## [Information provided]

Lemma continuous_comp_clamp {V : UniformSpace} (f : R -> V) t s :
  0 <= t -> cont_on 0 t f -> continuous (fun s => f (clamp t s)) s.
Proof.
  intros Ht Hf.
  apply (filterlim_comp _ _ _ (clamp t) f _ (within (fun u => 0 <= u <= t) (locally (clamp t s)))).
  - intros P HP. apply (continuous_clamp t s) in HP. unfold filtermap in *.
    apply (filter_imp (fun z => 0 <= clamp t z <= t -> P (clamp t z))); [| exact HP].
    intros z Hz. apply Hz, clamp_bounds, Ht.
  - apply Hf, clamp_bounds, Ht.
Qed.

(* Freezing the arguments outside [0, t] makes the distance continuous on all of [R]. *)
Definition dist_on {V : NormedModule R_AbsRing} (t : R) (f g : R -> V) (s : R) : R :=
  norm (minus (f (clamp t s)) (g (clamp t s))).

Lemma dist_on_id {V : NormedModule R_AbsRing} t (f g : R -> V) s :
  0 <= s <= t -> dist_on t f g s = norm (minus (f s) (g s)).
Proof. intros Hs. unfold dist_on. rewrite clamp_id by exact Hs. reflexivity. Qed.

Lemma continuous_dist_on {V : NormedModule R_AbsRing} t (f g : R -> V) s :
  0 <= t -> cont_on 0 t f -> cont_on 0 t g -> continuous (dist_on t f g) s.
Proof.
  intros Ht Hf Hg. unfold dist_on.
  apply (continuous_comp (fun s => minus (f (clamp t s)) (g (clamp t s))) norm).
  - apply continuous_minus; apply continuous_comp_clamp; assumption.
  - apply filterlim_norm.
Qed.

Section SolutionDistance.

Context {X Y : CompleteNormedModule R_AbsRing}.
Variables (T : R -> X -> X) (U : R -> Y -> Y) (B1 : X * Y -> X) (B2 : X * Y -> Y).
Variables (mu_s mu_u eps : R).
Hypothesis T_semigroup : C0_semigroup T.
Hypothesis U_semigroup : C0_semigroup U.
Hypothesis T_bound : forall t x, 0 <= t -> norm (T t x) <= exp (mu_s * t) * norm x.
Hypothesis U_bound : forall t y, 0 <= t -> norm (U t y) <= exp (- mu_u * t) * norm y.
Hypothesis B1_lip : forall p q : X * Y, norm (minus (B1 p) (B1 q)) <=
  eps * Rmax (norm (minus (fst p) (fst q))) (norm (minus (snd p) (snd q))).
Hypothesis B2_lip : forall p q : X * Y, norm (minus (B2 p) (B2 q)) <=
  eps * Rmax (norm (minus (fst p) (fst q))) (norm (minus (snd p) (snd q))).

Variables (t : R) (x1 x1' : X) (y2 y2' : Y) (x x' : R -> X) (y y' : R -> Y).
Hypothesis t_ge0 : 0 <= t.
Hypothesis sol : solves T U B1 B2 0 t x1 y2 x y.
Hypothesis sol' : solves T U B1 B2 0 t x1' y2' x' y'.
Hypothesis x_at0 : x 0 = x1.
Hypothesis x'_at0 : x' 0 = x1'.
Hypothesis y_at_t : y t = y2.
Hypothesis y'_at_t : y' t = y2'.

Lemma continuous_dist_x s : continuous (dist_on t x x') s.
Proof. apply continuous_dist_on; [exact t_ge0 | exact (proj1 sol) | exact (proj1 sol')]. Qed.

Lemma continuous_dist_y s : continuous (dist_on t y y') s.
Proof.
  apply continuous_dist_on; [exact t_ge0 | exact (proj1 (proj2 sol)) | exact (proj1 (proj2 sol'))].
Qed.

Lemma ex_RInt_dist (k : R -> R) lo hi :
  (forall s, ex_derive k s) ->
  ex_RInt (fun s => exp (k s) * (eps * Rmax (dist_on t x x' s) (dist_on t y y' s))) lo hi.
Proof.
  intros Hk. apply ex_RInt_exp_Rmax; [exact Hk | apply continuous_dist_x | apply continuous_dist_y].
Qed.

Lemma semigroup_nonlinearity_le {Z : CompleteNormedModule R_AbsRing} (S : R -> Z -> Z) mu
    (B : X * Y -> Z) r s :
  C0_semigroup S -> (forall t z, 0 <= t -> norm (S t z) <= exp (mu * t) * norm z) ->
  (forall p q : X * Y, norm (minus (B p) (B q)) <=
     eps * Rmax (norm (minus (fst p) (fst q))) (norm (minus (snd p) (snd q)))) ->
  0 <= r -> 0 <= s <= t ->
  norm (minus (S r (B (x s, y s))) (S r (B (x' s, y' s))))
  <= exp (mu * r) * (eps * Rmax (dist_on t x x' s) (dist_on t y y' s)).
Proof.
  intros HS S_bound B_lip Hr Hs.
  eapply Rle_trans; [apply (norm_minus_semigroup_le S mu); assumption |].
  apply Rmult_le_compat_l; [apply Rlt_le, exp_pos |].
  rewrite !dist_on_id by exact Hs. apply B_lip.
Qed.

Lemma gronwall_pair_dist :
  gronwall_pair mu_s mu_u eps t (dist_on t x x') (dist_on t y y').
Proof.
  split.
  - intros tau Htau.
    destruct (proj2 (proj2 sol) tau Htau) as [Ix _].
    destruct (proj2 (proj2 sol') tau Htau) as [Ix' _].
    rewrite (dist_on_id t x x' tau Htau), (dist_on_id t x x' 0), x_at0, x'_at0 by lra.
    eapply Rle_trans; [apply (norm_minus_le_add _ _ (T (tau - 0) x1) (T (tau - 0) x1')) |].
    apply Rplus_le_compat.
    + rewrite Rminus_0_r. apply (norm_minus_semigroup_le T); [assumption | assumption | lra].
    + apply (norm_minus_is_RInt_le _ _ _ 0 tau _ _ (proj1 Htau) Ix Ix').
      * apply ex_RInt_dist. intros s. auto_derive. exact I.
      * intros s Hs. apply semigroup_nonlinearity_le; assumption || lra.
  - intros sg Hsg.
    destruct (proj2 (proj2 sol) sg Hsg) as [_ Iy].
    destruct (proj2 (proj2 sol') sg Hsg) as [_ Iy'].
    rewrite (dist_on_id t y y' sg Hsg), (dist_on_id t y y' t), y_at_t, y'_at_t by lra.
    eapply Rle_trans; [apply (norm_minus_le_sub (U (t - sg) y2) (U (t - sg) y2')) |].
    apply Rplus_le_compat.
    + apply (norm_minus_semigroup_le U); [assumption | assumption | lra].
    + apply (norm_minus_is_RInt_le _ _ _ sg t _ _ (proj2 Hsg) Iy Iy').
      * apply ex_RInt_dist. intros s. auto_derive. exact I.
      * intros s Hs. apply semigroup_nonlinearity_le; assumption || lra.
Qed.

End SolutionDistance.

Lemma cone_aperture_0 mu_u mu_s eps h :
  mu_u - mu_s - eps <> 0 -> cone_aperture mu_u mu_s eps 0 h = h.
Proof. intros Hgap. unfold cone_aperture. rewrite Rmult_0_r, exp_0. field. exact Hgap. Qed.

Lemma cone_aperture_antitone mu_u mu_s eps h t1 t2 :
  0 < mu_u - mu_s - eps -> eps <= h * (mu_u - mu_s - eps) -> t1 <= t2 ->
  cone_aperture mu_u mu_s eps t2 h <= cone_aperture mu_u mu_s eps t1 h.
Proof.
  intros Hgap Hh Ht. unfold cone_aperture, Rdiv.
  apply Rmult_le_compat_r; [apply Rlt_le, Rinv_0_lt_compat, Hgap |].
  apply Rplus_le_compat_r, Rmult_le_compat_l; [lra |].
  apply exp_le_compat. nra.
Qed.

Lemma cone_aperture_le mu_u mu_s eps h t :
  0 < mu_u - mu_s - eps -> eps <= h * (mu_u - mu_s - eps) -> 0 <= t ->
  cone_aperture mu_u mu_s eps t h <= h.
Proof.
  intros Hgap Hh Ht. rewrite <- (cone_aperture_0 mu_u mu_s eps h) at 2 by lra.
  apply cone_aperture_antitone; assumption.
Qed.

Lemma cone_aperture_lt mu_u mu_s eps h t :
  0 < mu_u - mu_s - eps -> eps < h * (mu_u - mu_s - eps) -> 0 < t ->
  cone_aperture mu_u mu_s eps t h < h.
Proof.
  intros Hgap Hh Ht. unfold cone_aperture.
  apply Rlt_div_l; [exact Hgap |].
  assert (exp (- (mu_u - mu_s - eps) * t) < 1) by (rewrite <- exp_0; apply exp_increasing; nra).
  nra.
Qed.

Lemma kfac_mul mu_u mu_s eps eps1 h :
  mu_u - mu_s - eps <> 0 -> h <> 0 ->
  kfac mu_u mu_s eps eps1 h * h = cone_aperture mu_u mu_s eps eps1 h.
Proof. intros Hgap Hh. unfold kfac, cone_aperture. field. split; assumption. Qed.

Lemma kfac_lt_1 mu_u mu_s eps eps1 h :
  0 < mu_u - mu_s - eps -> eps < h * (mu_u - mu_s - eps) -> 0 < h -> 0 < eps1 ->
  kfac mu_u mu_s eps eps1 h < 1.
Proof.
  intros Hgap Hh h_pos eps1_pos.
  apply (Rmult_lt_reg_r h); [exact h_pos |].
  rewrite kfac_mul, Rmult_1_l by lra. apply cone_aperture_lt; assumption.
Qed.

Lemma AB_cond_weaken {X Y : NormedModule R_AbsRing} (H : X * Y -> X * Y -> Prop)
    al al' al'' lu be be' be'' ls :
  al' <= al'' -> be' <= be'' -> AB_cond H al al' lu be be' ls -> AB_cond H al al'' lu be be'' ls.
Proof.
  intros Hal Hbe HAB x1 y1 x2 y2 x1' y1' x2' y2' H1 H2.
  destruct (HAB x1 y1 x2 y2 x1' y1' x2' y2' H1 H2) as [HA HB].
  split; intros Hcone.
  - destruct (HA Hcone) as [Hx Hy]. split; [| exact Hy].
    eapply Rle_trans; [exact Hx | apply Rmult_le_compat_r; [apply norm_ge_0 | exact Hal]].
  - destruct (HB Hcone) as [Hy Hx]. split; [| exact Hx].
    eapply Rle_trans; [exact Hy | apply Rmult_le_compat_r; [apply norm_ge_0 | exact Hbe]].
Qed.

## [Your objective]
Search the data above for the word "Htau" and show every line that has it.

## [Solution for this task]
  - intros tau Htau.
    destruct (proj2 (proj2 sol) tau Htau) as [Ix _].
    destruct (proj2 (proj2 sol') tau Htau) as [Ix' _].
    rewrite (dist_on_id t x x' tau Htau), (dist_on_id t x x' 0), x_at0, x'_at0 by lra.
    + apply (norm_minus_is_RInt_le _ _ _ 0 tau _ _ (proj1 Htau) Ix Ix').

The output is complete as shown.